__Your objective__
Beginning with the line that holds "assert (Hq : f" in the data below, give again every line through the one that holds "Lemma right_slope_fsum n", exactly as written.

__The data__
────────────────────────────────────────

Lemma level_term_le_threshold a b Pstar l k :
  0 < Pstar k ->
  level_term a Pstar l (b k - a k) k
  <= Rmax (b k - l * Pstar k) 0 - Rmax (a k - l * Pstar k) 0.
Proof.
  intros Hp. unfold level_term.
  assert (Ha : a k = ratio a Pstar k * Pstar k) by (unfold ratio; field; lra).
  destruct (Rlt_dec l (ratio a Pstar k)).
  - rewrite (Rmax_left (a k - l * Pstar k)) by nra. pose proof (Rmax_l (b k - l * Pstar k) 0). lra.
  - destruct (Req_EM_T (ratio a Pstar k) l) as [Heq|].
    + rewrite <- Heq, <- Ha, (Rmax_right (a k - a k)) by lra.
      replace (a k - a k) with 0 by ring. lra.
    + rewrite (Rmax_right (a k - l * Pstar k)) by nra. pose proof (Rmax_r (b k - l * Pstar k) 0). lra.
Qed.

Lemma majorized_upper_excess n Pstar a b l :
  (forall k, (k < n)%nat -> 0 < Pstar k) -> majorized n Pstar a b ->
  upper_excess n a Pstar (fun k => b k - a k) l <= 0.
Proof.
  intros Hp Hmaj. specialize (Hmaj l). unfold threshold_excess in Hmaj.
  eapply Rle_trans; [apply fsum_le; intros k Hk; apply level_term_le_threshold, Hp, Hk|].
  rewrite fsum_minus. lra.
Qed.

(** * Dissipation along the Kolmogorov equation *)

Lemma kolmogorov_rhs_shift n q p Pstar th i :
  kolmogorov_rhs n q (fun k => p k - th * Pstar k) i
  = kolmogorov_rhs n q p i - th * kolmogorov_rhs n q Pstar i.
Proof.
  unfold kolmogorov_rhs. rewrite <- fsum_scal, <- fsum_minus.
  apply fsum_ext; intros j _. destruct (Nat.eqb j i); ring.
Qed.

Lemma kolmogorov_rhs_equilibrium n Pstar q i :
  markov_rates n Pstar q -> (i < n)%nat -> kolmogorov_rhs n q Pstar i = 0.
Proof.
  intros [_ Hbal] Hi. unfold kolmogorov_rhs.
  rewrite (fsum_ext n _ (fun j => (if Nat.eqb j i then 0 else q i j * Pstar j)
                                  - Pstar i * (if Nat.eqb j i then 0 else q j i))).
  - rewrite fsum_minus, fsum_scal, Hbal by exact Hi. ring.
  - intros j _. destruct (Nat.eqb j i); ring.
Qed.

(* Dissipation inequality: for weights chi in {0,1} that select coordinates
   with y_j >= 0 and reject those with y_j <= 0,
     sum_i chi_i (K y)_i = sum_{i <> j} q_ij y_j (chi_i - chi_j) <= 0. *)
Lemma kolmogorov_dissipation n q (y chi : vec) :
  (forall i j, (i < n)%nat -> (j < n)%nat -> i <> j -> 0 <= q i j) ->
  (forall j, (j < n)%nat -> (chi j = 1 /\ 0 <= y j) \/ (chi j = 0 /\ y j <= 0)) ->
  fsum n (fun i => chi i * kolmogorov_rhs n q y i) <= 0.
Proof.
  intros Hq Hsign.
  assert (Hform : fsum n (fun i => chi i * kolmogorov_rhs n q y i)
    = fsum n (fun i => fsum n (fun j => if Nat.eqb j i then 0 else chi i * q i j * y j))
      - fsum n (fun i => fsum n (fun j => if Nat.eqb j i then 0 else chi i * q j i * y i))).
  { rewrite <- fsum_minus. apply fsum_ext; intros i _. unfold kolmogorov_rhs.
    rewrite <- fsum_minus, <- fsum_scal. apply fsum_ext; intros j _.
    destruct (Nat.eqb j i); ring. }
  rewrite Hform, (fsum_swap n (fun i j => if Nat.eqb j i then 0 else chi i * q j i * y i)).
  rewrite <- fsum_minus. apply fsum_nonpos; intros i Hi.
  rewrite <- fsum_minus. apply fsum_nonpos; intros j Hj.
  rewrite (Nat.eqb_sym i j). destruct (Nat.eqb j i) eqn:Hji; [lra|].
  apply Nat.eqb_neq in Hji. pose proof (Hq i j Hi Hj (not_eq_sym Hji)).
  destruct (Hsign i Hi) as [[-> _]|[-> _]], (Hsign j Hj) as [[-> ?]|[-> ?]]; nra.
Qed.

(** * Upper right Dini derivatives *)

(* g grows at most with slope s just to the right of t, i.e. the upper right
   Dini derivative of g at t is at most s. *)
Definition right_slope_le (g : R -> R) (t s : R) : Prop :=
  forall e, 0 < e -> exists del, 0 < del /\
    forall h, 0 < h < del -> g (t + h) <= g t + (s + e) * h.

Lemma right_slope_weaken g t s s' : s <= s' -> right_slope_le g t s -> right_slope_le g t s'.
Proof.
  intros Hss Hg e He. destruct (Hg e He) as [del [Hdel H]].
  exists del; split; auto. intros h Hh. specialize (H h Hh). nra.
Qed.

Lemma right_slope_derivable f t d : derivable_pt_lim f t d -> right_slope_le f t d.
Proof.
  intros Hd e He. destruct (Hd e He) as [[del Hdel] Hclose]. exists del; split; auto.
  intros h [Hh0 Hh1].
  specialize (Hclose h ltac:(lra) ltac:(rewrite Rabs_right; simpl; lra)).
  apply Rabs_def2 in Hclose.
  assert (Hq : f (t + h) - f t = (f (t + h) - f t) / h * h) by (field; lra). nra.
Qed.

Lemma right_slope_plus f g t s1 s2 :
  right_slope_le f t s1 -> right_slope_le g t s2 ->
  right_slope_le (fun x => f x + g x) t (s1 + s2).
Proof.
  intros Hf Hg e He.
  destruct (Hf (e / 2)) as [d1 [Hd1 H1]]; [lra|].
  destruct (Hg (e / 2)) as [d2 [Hd2 H2]]; [lra|].
  exists (Rmin d1 d2). split; [now apply Rmin_glb_lt|]. intros h Hh.
  pose proof (Rmin_l d1 d2); pose proof (Rmin_r d1 d2).
  specialize (H1 h ltac:(lra)); specialize (H2 h ltac:(lra)). lra.
Qed.

Lemma right_slope_fsum n (G : R -> vec) (s : vec) t :
  (forall i, (i < n)%nat -> right_slope_le (fun x => G x i) t (s i)) ->
  right_slope_le (fun x => fsum n (G x)) t (fsum n s).
Proof.
  induction n as [|n IH]; intros H; simpl.
  - intros e He. exists 1; split; [lra|]. intros h Hh. nra.
  - apply (right_slope_plus (fun x => fsum n (G x)) (fun x => G x n));
      [apply IH; intros; apply H|apply H]; lia.
Qed.

(* Weight 1 or 0 recording whether the positive part of y + d h is active for
   small h > 0. *)
Definition pos_part_weight (y d : R) : R :=
  if Rlt_dec 0 y then 1 else if Rlt_dec y 0 then 0 else if Rlt_dec 0 d then 1 else 0.

Lemma lt_div_mul h y k : 0 < k -> h < y / k -> h * k < y.
Proof.
  intros Hk H. apply (Rmult_lt_compat_r k) in H; [|exact Hk].
  replace (y / k * k) with y in H by (field; lra). exact H.
Qed.

Lemma right_slope_pos_part f t d c :
  derivable_pt_lim f t d ->
  right_slope_le (fun x => Rmax (f x - c) 0) t (pos_part_weight (f t - c) d * d).
Proof.
  intros Hd e He. destruct (right_slope_derivable f t d Hd e He) as [del [Hdel Hf]].
  set (y := f t - c).
  assert (Hup : forall h, 0 < h < del -> Rmax (f (t + h) - c) 0 <= Rmax (y + (d + e) * h) 0).
  { intros h Hh. apply Rle_max_compat_r. specialize (Hf h Hh). unfold y. lra. }
  pose proof (Rle_abs d) as Hd1. pose proof (Rle_abs (- d)) as Hd2. rewrite Rabs_Ropp in Hd2.
  unfold pos_part_weight. fold y. destruct (Rlt_dec 0 y) as [Hy|Hy].
  - exists (Rmin del (y / (Rabs d + 1))).
    split; [apply Rmin_glb_lt; [lra|apply Rdiv_lt_0_compat; lra]|].
    intros h Hh. pose proof (Rmin_l del (y / (Rabs d + 1))) as Hm1.
    pose proof (Rmin_r del (y / (Rabs d + 1))) as Hm2.
    pose proof (lt_div_mul h y (Rabs d + 1) ltac:(lra) ltac:(lra)).
    rewrite (Hup h ltac:(lra)), !Rmax_left by nra. lra.
  - destruct (Rlt_dec y 0) as [Hy'|Hy'].
    + exists (Rmin del (- y / (Rabs d + e + 1))).
      split; [apply Rmin_glb_lt; [lra|apply Rdiv_lt_0_compat; lra]|].
      intros h Hh. pose proof (Rmin_l del (- y / (Rabs d + e + 1))) as Hm1.
      pose proof (Rmin_r del (- y / (Rabs d + e + 1))) as Hm2.
      pose proof (lt_div_mul h (- y) (Rabs d + e + 1) ltac:(lra) ltac:(lra)).
      rewrite (Hup h ltac:(lra)), !Rmax_right by nra. nra.
    + assert (Hy0 : y = 0) by lra.
      exists del; split; [exact Hdel|]. intros h Hh. rewrite (Hup h Hh), Hy0.
      rewrite (Rmax_right 0 0) by lra.
      destruct (Rlt_dec 0 d); apply Rmax_lub; nra.
Qed.

Lemma continuity_pt_pos_nbhd (g : R -> R) T :
  continuity_pt g T -> 0 < g T ->
  exists alp, 0 < alp /\ forall x, Rabs (x - T) < alp -> 0 < g x.
Proof.
  intros Hc Hpos. destruct (Hc (g T / 2)) as [alp [Halp Hnear]]; [lra|].
  exists alp; split; [exact Halp|]. intros x Hx.
  destruct (Req_dec x T) as [->|Hne]; [exact Hpos|].
  assert (Hd : D_x no_cond T x) by (split; [exact I|auto]).
  specialize (Hnear x (conj Hd Hx)). simpl in Hnear. unfold Rdist in Hnear.
  apply Rabs_def2 in Hnear. lra.
Qed.

Lemma last_nonpos_point (h : R -> R) :
  (forall t, continuity_pt h t) -> h 0 <= 0 ->
  exists T, 0 <= T <= 1 /\ h T <= 0 /\ forall x, T < x <= 1 -> 0 < h x.
Proof.
  intros Hc H0. set (E := fun x => 0 <= x <= 1 /\ h x <= 0).
  destruct (completeness E) as [T [Hub Hlub]].
  { exists 1. intros x [Hx _]; lra. }
  { exists 0. split; [lra|exact H0]. }
  assert (HT0 : 0 <= T) by (apply Hub; split; [lra|exact H0]).
  assert (HT1 : T <= 1) by (apply Hlub; intros x [Hx _]; lra).
  exists T; repeat split; auto.
  - apply Rnot_lt_le; intros HTpos.
    destruct (continuity_pt_pos_nbhd h T (Hc T) HTpos) as [alp [Halp Hnear]].
    assert (T <= T - alp / 2); [|lra].
    apply Hlub. intros x [Hx Hhx]. apply Rnot_lt_le; intros Hlt.
    assert (x <= T) by (apply Hub; split; auto).
    assert (0 < h x) by (apply Hnear, Rabs_def1; lra). lra.
  - intros x Hx. apply Rnot_le_lt; intros Hhx.
    assert (x <= T) by (apply Hub; split; [lra|exact Hhx]). lra.
Qed.

Lemma right_slope_nonincreasing (g : R -> R) :
  (forall t, continuity_pt g t) -> (forall t, right_slope_le g t 0) -> g 1 <= g 0.
Proof.
  intros Hc Hs.
  assert (Happrox : forall e, 0 < e -> g 1 <= g 0 + e).
  { intros e He. set (h := fun x => g x - g 0 - e * x).
    assert (Hhc : forall t, continuity_pt h t).
    { intros t. unfold h. reg. apply Hc. }
    destruct (last_nonpos_point h Hhc ltac:(unfold h; lra)) as [T [HT [HhT Hafter]]].
    destruct (Rlt_dec T 1) as [Hlt|Hge].
    - exfalso. destruct (Hs T e He) as [del [Hdel Hstep]].
      set (s := Rmin (del / 2) (1 - T)).
      assert (0 < s) by (apply Rmin_glb_lt; lra).
      assert (s <= del / 2) by apply Rmin_l. assert (s <= 1 - T) by apply Rmin_r.
      specialize (Hstep s ltac:(lra)). specialize (Hafter (T + s) ltac:(lra)).
      unfold h in *. lra.
    - assert (T = 1) as -> by lra. unfold h in HhT. lra. }
  apply Rnot_lt_le; intros Hlt. specialize (Happrox ((g 1 - g 0) / 2) ltac:(lra)). lra.
Qed.

Lemma pos_part_weight_sign y d :
  (pos_part_weight y d = 1 /\ 0 <= y) \/ (pos_part_weight y d = 0 /\ y <= 0).
Proof.
  unfold pos_part_weight.
  destruct (Rlt_dec 0 y); [left; lra|]. destruct (Rlt_dec y 0); [right; lra|].
  destruct (Rlt_dec 0 d); [left|right]; lra.
Qed.

Lemma continuity_pt_fsum n (G : R -> vec) t :
  (forall i, (i < n)%nat -> continuity_pt (fun s => G s i) t) ->
  continuity_pt (fun s => fsum n (G s)) t.
Proof.
  induction n as [|n IH]; intros H; simpl.
  - apply continuity_pt_const. intros x y; reflexivity.
  - apply (continuity_pt_plus (fun s => fsum n (G s)) (fun s => G s n));
      [apply IH; intros; apply H|apply H]; lia.
Qed.

Lemma threshold_excess_continuous n Pstar q P th t :
  kolmogorov_solution n q P -> continuity_pt (fun s => threshold_excess n Pstar th (P s)) t.
Proof.
  intros Hsol. apply (continuity_pt_fsum n (fun s i => Rmax (P s i - th * Pstar i) 0)).
  intros i Hi.
  apply (continuity_pt_comp (fun s => P s i) (fun x => Rmax (x - th * Pstar i) 0)).
  - apply derivable_continuous_pt. exists (kolmogorov_rhs n q (P t) i). apply Hsol, Hi.
  - apply continuity_pos_part_shift.
Qed.

(* Along a solution of the Kolmogorov equation the upper right Dini derivative
   of F_th is a dissipation sum, hence nonpositive. *)
Lemma threshold_excess_right_slope n Pstar q P th t :
  markov_rates n Pstar q -> kolmogorov_solution n q P ->
  right_slope_le (fun s => threshold_excess n Pstar th (P s)) t 0.
Proof.
  intros Hrates Hsol.
  set (y := fun k => P t k - th * Pstar k).
  set (chi := fun k => pos_part_weight (y k) (kolmogorov_rhs n q (P t) k)).
  apply (right_slope_weaken _ _ (fsum n (fun i => chi i * kolmogorov_rhs n q (P t) i))).
  - rewrite (fsum_ext n _ (fun i => chi i * kolmogorov_rhs n q y i)).
    + apply kolmogorov_dissipation; [apply Hrates|].
      intros j _. apply pos_part_weight_sign.
    + intros i Hi. unfold y.
      rewrite kolmogorov_rhs_shift, (kolmogorov_rhs_equilibrium n Pstar q i Hrates Hi). ring.
  - apply (right_slope_fsum n (fun s i => Rmax (P s i - th * Pstar i) 0)).
    intros i Hi. apply right_slope_pos_part, Hsol, Hi.
Qed.

Lemma threshold_excess_vec_eq n Pstar th x z :
  vec_eq n x z -> threshold_excess n Pstar th x = threshold_excess n Pstar th z.
Proof. intros H. unfold threshold_excess. apply fsum_ext; intros i Hi. now rewrite H. Qed.

Lemma markov_step_majorized n Pstar a b : markov_step n Pstar a b -> majorized n Pstar a b.
Proof.
  intros [_ [q [P [Hrates [Hsol [H0 H1]]]]]] th.
  rewrite <- (threshold_excess_vec_eq n Pstar th _ _ H0),
          <- (threshold_excess_vec_eq n Pstar th _ _ H1).
  apply (right_slope_nonincreasing (fun s => threshold_excess n Pstar th (P s))); intros t.
  - apply (threshold_excess_continuous n Pstar q), Hsol.
  - apply (threshold_excess_right_slope n Pstar q); assumption.
Qed.

Lemma markov_order_majorized n Pstar a b : markov_order n Pstar a b -> majorized n Pstar a b.
Proof.
  intros H. apply H; [apply markov_step_majorized|apply majorized_trans|apply majorized_closed].
Qed.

────────────────────────────────────────

__Finished task__
  assert (Hq : f (t + h) - f t = (f (t + h) - f t) / h * h) by (field; lra). nra.
Qed.

Lemma right_slope_plus f g t s1 s2 :
  right_slope_le f t s1 -> right_slope_le g t s2 ->
  right_slope_le (fun x => f x + g x) t (s1 + s2).
Proof.
  intros Hf Hg e He.
  destruct (Hf (e / 2)) as [d1 [Hd1 H1]]; [lra|].
  destruct (Hg (e / 2)) as [d2 [Hd2 H2]]; [lra|].
  exists (Rmin d1 d2). split; [now apply Rmin_glb_lt|]. intros h Hh.
  pose proof (Rmin_l d1 d2); pose proof (Rmin_r d1 d2).
  specialize (H1 h ltac:(lra)); specialize (H2 h ltac:(lra)). lra.
Qed.

Lemma right_slope_fsum n (G : R -> vec) (s : vec) t :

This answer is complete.